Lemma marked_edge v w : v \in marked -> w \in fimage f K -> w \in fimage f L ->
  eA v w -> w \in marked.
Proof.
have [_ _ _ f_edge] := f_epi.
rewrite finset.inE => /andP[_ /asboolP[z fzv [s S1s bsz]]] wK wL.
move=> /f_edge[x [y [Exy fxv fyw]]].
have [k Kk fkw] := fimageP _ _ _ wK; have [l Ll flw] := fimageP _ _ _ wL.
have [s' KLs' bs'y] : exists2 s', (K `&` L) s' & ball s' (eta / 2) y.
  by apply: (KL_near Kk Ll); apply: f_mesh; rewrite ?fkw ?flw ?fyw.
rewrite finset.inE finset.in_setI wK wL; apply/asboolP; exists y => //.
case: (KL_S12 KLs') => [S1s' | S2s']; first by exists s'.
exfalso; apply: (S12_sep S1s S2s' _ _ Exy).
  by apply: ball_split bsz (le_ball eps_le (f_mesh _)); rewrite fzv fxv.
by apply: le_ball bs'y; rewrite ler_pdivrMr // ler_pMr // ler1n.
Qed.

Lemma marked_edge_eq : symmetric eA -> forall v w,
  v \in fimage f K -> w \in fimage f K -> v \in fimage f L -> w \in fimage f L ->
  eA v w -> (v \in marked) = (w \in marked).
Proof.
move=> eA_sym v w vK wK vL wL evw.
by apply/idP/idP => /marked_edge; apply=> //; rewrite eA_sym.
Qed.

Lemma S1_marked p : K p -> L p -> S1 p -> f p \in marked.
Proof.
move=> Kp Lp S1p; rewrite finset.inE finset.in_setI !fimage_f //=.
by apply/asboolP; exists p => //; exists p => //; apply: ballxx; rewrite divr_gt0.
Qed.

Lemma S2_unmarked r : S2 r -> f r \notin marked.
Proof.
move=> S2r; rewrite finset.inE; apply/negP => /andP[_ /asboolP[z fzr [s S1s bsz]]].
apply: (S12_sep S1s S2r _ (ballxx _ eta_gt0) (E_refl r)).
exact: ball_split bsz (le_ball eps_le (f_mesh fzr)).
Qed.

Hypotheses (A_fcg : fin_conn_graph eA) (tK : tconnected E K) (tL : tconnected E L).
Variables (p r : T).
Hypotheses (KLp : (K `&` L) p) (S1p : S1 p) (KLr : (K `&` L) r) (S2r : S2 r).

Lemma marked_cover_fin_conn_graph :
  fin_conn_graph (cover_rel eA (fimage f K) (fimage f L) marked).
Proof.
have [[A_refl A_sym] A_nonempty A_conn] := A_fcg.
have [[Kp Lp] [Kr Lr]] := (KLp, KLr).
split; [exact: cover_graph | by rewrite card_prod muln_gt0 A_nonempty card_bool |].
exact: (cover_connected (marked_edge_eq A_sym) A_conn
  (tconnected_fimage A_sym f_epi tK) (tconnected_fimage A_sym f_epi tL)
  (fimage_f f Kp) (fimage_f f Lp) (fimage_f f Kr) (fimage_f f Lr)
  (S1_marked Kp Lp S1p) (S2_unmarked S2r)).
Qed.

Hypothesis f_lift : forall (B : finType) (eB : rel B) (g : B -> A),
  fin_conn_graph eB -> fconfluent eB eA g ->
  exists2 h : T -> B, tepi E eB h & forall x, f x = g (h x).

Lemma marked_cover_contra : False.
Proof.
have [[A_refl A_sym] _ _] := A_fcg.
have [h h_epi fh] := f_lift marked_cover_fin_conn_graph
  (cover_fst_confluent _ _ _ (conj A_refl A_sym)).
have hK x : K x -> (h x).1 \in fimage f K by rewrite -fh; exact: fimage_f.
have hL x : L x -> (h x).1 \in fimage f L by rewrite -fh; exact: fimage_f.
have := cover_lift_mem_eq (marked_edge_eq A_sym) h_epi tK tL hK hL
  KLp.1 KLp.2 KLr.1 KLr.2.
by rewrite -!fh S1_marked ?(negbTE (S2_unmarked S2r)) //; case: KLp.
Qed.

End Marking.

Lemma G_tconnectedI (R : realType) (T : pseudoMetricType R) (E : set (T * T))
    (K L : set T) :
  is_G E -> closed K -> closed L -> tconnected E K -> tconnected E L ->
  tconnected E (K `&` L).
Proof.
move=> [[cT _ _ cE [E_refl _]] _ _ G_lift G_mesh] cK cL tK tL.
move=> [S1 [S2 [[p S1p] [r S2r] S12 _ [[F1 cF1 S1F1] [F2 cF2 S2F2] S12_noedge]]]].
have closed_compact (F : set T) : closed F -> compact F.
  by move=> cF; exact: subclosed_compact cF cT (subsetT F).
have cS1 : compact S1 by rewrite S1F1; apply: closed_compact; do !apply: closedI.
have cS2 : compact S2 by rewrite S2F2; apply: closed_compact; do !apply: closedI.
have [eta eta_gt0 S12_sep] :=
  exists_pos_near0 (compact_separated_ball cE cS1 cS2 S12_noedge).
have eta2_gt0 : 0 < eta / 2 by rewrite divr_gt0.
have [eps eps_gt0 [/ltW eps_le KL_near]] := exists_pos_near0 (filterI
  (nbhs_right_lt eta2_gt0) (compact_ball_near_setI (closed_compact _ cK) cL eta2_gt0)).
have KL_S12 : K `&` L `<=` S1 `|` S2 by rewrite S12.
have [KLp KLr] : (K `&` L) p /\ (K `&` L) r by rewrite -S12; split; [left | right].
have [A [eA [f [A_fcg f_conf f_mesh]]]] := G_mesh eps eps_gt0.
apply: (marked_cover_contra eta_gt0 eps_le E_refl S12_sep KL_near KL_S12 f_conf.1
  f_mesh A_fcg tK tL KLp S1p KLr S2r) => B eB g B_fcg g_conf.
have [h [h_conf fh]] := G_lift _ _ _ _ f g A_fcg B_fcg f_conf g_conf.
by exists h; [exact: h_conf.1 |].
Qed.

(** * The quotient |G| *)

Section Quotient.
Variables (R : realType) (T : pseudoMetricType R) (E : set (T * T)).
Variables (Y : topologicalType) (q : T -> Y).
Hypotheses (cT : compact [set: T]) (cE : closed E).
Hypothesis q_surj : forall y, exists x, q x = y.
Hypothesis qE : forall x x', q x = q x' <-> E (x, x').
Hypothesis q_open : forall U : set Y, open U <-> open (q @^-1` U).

• • •

From the listing above, output exactly the run of lines that starts with the line containing "have [[A_refl A_sym] A_nonempty" and ends with the line containing "End Marking.".

have [[A_refl A_sym] A_nonempty A_conn] := A_fcg.
have [[Kp Lp] [Kr Lr]] := (KLp, KLr).
split; [exact: cover_graph | by rewrite card_prod muln_gt0 A_nonempty card_bool |].
exact: (cover_connected (marked_edge_eq A_sym) A_conn
  (tconnected_fimage A_sym f_epi tK) (tconnected_fimage A_sym f_epi tL)
  (fimage_f f Kp) (fimage_f f Lp) (fimage_f f Kr) (fimage_f f Lr)
  (S1_marked Kp Lp S1p) (S2_unmarked S2r)).
Qed.

Hypothesis f_lift : forall (B : finType) (eB : rel B) (g : B -> A),
  fin_conn_graph eB -> fconfluent eB eA g ->
  exists2 h : T -> B, tepi E eB h & forall x, f x = g (h x).

Lemma marked_cover_contra : False.
Proof.
have [[A_refl A_sym] _ _] := A_fcg.
have [h h_epi fh] := f_lift marked_cover_fin_conn_graph
  (cover_fst_confluent _ _ _ (conj A_refl A_sym)).
have hK x : K x -> (h x).1 \in fimage f K by rewrite -fh; exact: fimage_f.
have hL x : L x -> (h x).1 \in fimage f L by rewrite -fh; exact: fimage_f.
have := cover_lift_mem_eq (marked_edge_eq A_sym) h_epi tK tL hK hL
  KLp.1 KLp.2 KLr.1 KLr.2.
by rewrite -!fh S1_marked ?(negbTE (S2_unmarked S2r)) //; case: KLp.
Qed.

End Marking.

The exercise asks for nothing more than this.